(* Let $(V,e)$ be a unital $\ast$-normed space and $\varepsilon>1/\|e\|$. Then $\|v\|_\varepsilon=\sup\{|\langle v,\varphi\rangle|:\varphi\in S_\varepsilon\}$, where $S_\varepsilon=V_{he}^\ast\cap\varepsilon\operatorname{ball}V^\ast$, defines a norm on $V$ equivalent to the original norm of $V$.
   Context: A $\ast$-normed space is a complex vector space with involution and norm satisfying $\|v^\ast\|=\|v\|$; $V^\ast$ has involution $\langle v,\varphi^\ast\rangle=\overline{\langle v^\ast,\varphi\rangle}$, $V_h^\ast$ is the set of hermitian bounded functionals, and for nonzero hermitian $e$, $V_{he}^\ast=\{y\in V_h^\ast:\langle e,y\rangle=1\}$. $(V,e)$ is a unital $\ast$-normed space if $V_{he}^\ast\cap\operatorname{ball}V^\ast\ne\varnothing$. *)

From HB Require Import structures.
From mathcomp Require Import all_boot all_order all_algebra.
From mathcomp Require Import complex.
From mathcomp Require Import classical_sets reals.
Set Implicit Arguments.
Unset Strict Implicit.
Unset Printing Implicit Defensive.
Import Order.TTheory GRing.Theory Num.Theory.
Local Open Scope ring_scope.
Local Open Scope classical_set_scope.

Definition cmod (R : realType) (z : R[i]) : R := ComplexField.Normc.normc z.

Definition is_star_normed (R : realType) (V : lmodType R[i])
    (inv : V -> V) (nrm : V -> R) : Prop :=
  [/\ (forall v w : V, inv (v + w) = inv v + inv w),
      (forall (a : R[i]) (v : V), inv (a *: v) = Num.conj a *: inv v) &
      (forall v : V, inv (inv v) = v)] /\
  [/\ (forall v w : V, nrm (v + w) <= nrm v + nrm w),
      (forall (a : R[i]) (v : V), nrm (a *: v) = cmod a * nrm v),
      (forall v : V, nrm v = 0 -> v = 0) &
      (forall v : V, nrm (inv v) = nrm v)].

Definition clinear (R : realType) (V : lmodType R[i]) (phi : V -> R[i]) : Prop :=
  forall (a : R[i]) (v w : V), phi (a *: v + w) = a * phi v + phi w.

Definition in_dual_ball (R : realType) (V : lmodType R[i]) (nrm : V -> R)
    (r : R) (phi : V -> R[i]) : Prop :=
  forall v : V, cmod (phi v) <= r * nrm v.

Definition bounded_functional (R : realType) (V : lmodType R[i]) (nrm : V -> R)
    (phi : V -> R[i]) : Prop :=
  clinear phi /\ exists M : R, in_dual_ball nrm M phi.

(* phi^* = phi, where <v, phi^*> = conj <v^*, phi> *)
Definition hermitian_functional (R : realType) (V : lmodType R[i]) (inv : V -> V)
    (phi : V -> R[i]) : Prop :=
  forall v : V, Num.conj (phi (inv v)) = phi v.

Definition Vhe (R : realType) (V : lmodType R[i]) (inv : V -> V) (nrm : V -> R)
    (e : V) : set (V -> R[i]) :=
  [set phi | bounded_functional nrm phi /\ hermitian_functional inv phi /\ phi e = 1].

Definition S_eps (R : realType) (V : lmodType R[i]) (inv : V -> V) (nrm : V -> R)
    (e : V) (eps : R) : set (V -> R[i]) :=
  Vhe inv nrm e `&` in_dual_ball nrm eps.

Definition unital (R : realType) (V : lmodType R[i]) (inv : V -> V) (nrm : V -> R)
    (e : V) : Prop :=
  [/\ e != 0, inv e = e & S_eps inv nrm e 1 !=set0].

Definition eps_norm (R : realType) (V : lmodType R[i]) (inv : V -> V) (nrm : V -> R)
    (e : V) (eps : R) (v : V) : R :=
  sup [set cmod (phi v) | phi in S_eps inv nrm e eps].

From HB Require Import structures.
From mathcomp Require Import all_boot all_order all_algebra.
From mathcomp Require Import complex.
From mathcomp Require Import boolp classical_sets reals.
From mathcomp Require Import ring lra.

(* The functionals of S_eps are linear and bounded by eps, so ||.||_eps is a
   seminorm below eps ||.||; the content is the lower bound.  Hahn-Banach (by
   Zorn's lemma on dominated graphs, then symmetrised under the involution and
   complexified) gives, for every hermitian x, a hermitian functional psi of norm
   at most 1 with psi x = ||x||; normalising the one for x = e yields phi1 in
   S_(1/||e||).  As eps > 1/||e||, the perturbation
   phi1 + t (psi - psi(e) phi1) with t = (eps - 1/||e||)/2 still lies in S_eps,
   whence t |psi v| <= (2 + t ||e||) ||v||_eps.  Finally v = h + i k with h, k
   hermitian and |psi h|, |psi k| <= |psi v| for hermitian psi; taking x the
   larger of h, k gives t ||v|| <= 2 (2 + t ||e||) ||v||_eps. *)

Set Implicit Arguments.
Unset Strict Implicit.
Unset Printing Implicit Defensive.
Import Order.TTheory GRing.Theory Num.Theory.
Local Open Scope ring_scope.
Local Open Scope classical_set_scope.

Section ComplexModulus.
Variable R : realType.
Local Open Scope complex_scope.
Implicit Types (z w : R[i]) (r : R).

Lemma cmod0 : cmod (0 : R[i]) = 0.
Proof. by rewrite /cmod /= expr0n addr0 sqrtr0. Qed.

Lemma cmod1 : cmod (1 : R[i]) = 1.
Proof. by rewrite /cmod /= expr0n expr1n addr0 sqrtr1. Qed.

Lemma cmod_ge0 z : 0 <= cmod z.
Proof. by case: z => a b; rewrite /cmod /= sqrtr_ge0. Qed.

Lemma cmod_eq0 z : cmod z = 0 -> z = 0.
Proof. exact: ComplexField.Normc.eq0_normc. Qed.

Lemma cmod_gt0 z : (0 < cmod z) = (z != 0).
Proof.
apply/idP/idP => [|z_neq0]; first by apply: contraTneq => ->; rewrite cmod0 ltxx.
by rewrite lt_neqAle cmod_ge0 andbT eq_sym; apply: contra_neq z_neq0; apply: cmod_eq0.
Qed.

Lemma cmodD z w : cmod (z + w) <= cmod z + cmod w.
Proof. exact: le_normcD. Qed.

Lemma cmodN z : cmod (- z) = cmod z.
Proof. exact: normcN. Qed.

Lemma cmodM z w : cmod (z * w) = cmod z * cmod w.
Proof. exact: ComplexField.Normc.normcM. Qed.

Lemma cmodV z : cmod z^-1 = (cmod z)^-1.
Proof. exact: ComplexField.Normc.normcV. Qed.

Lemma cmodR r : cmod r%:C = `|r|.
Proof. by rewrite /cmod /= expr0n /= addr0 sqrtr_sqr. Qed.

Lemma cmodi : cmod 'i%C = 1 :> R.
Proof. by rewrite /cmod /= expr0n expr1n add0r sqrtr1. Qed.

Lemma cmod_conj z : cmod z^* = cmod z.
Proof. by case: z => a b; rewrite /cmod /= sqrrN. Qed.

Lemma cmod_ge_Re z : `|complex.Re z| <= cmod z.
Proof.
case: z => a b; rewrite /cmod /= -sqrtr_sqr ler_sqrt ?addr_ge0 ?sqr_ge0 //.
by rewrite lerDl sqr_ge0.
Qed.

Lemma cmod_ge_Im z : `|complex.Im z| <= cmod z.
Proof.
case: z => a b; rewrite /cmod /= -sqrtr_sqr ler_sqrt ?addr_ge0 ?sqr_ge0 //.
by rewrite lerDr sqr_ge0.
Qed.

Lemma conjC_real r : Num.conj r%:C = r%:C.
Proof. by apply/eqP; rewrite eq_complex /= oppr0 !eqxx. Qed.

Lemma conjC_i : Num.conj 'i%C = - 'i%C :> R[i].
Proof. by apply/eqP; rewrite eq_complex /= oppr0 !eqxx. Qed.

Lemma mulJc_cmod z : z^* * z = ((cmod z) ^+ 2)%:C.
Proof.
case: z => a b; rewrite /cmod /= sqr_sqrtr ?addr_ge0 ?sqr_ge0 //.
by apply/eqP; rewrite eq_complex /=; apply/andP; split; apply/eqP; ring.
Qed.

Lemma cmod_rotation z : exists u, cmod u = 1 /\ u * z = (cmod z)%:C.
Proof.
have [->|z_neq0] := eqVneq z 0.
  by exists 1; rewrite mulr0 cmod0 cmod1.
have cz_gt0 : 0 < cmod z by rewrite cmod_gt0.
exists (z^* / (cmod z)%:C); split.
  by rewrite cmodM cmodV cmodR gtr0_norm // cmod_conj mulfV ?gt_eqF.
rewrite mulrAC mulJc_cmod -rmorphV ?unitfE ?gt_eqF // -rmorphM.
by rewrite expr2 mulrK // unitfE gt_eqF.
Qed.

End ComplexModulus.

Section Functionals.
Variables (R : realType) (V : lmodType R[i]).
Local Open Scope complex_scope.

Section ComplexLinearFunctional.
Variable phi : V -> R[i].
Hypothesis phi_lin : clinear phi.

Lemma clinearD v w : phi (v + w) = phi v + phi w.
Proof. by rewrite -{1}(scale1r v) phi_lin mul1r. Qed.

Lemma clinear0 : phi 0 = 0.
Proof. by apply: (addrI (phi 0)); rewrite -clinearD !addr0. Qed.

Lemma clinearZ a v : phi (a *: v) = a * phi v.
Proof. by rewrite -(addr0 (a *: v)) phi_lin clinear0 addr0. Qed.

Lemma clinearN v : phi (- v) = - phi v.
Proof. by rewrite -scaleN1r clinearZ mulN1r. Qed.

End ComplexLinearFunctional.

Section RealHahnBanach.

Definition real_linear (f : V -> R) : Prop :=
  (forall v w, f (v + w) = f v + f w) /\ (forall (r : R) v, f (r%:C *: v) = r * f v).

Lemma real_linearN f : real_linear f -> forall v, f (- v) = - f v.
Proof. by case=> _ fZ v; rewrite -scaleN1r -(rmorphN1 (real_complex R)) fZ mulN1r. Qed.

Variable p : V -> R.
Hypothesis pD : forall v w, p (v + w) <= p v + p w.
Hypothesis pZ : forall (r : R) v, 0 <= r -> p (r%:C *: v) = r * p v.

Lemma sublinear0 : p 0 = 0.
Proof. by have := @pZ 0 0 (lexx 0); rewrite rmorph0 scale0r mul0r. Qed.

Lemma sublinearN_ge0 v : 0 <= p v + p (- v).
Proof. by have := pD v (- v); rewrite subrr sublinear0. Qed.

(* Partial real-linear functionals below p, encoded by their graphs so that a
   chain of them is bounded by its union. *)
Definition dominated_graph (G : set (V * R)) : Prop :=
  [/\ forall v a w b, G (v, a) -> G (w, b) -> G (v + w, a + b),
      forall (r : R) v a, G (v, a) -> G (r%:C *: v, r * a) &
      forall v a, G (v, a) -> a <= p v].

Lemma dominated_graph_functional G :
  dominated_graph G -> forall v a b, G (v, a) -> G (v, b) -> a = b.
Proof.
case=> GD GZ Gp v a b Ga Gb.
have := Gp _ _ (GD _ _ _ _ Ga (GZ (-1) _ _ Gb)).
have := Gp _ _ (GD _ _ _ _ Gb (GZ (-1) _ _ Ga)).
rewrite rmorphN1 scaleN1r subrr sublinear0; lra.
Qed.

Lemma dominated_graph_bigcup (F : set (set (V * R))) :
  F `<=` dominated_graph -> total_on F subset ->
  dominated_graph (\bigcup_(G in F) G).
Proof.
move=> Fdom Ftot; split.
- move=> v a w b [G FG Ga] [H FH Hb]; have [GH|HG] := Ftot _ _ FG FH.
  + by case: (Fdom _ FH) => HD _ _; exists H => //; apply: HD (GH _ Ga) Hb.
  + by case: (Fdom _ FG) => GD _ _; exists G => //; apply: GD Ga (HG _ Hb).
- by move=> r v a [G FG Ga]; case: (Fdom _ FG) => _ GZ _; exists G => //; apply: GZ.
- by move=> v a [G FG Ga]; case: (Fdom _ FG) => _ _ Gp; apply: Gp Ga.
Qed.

----

__Task goal__. Across the records above, return every line that contains the word "ComplexField".

__Worked solution__.
Definition cmod (R : realType) (z : R[i]) : R := ComplexField.Normc.normc z.
Proof. exact: ComplexField.Normc.eq0_normc. Qed.
Proof. exact: ComplexField.Normc.normcM. Qed.
Proof. exact: ComplexField.Normc.normcV. Qed.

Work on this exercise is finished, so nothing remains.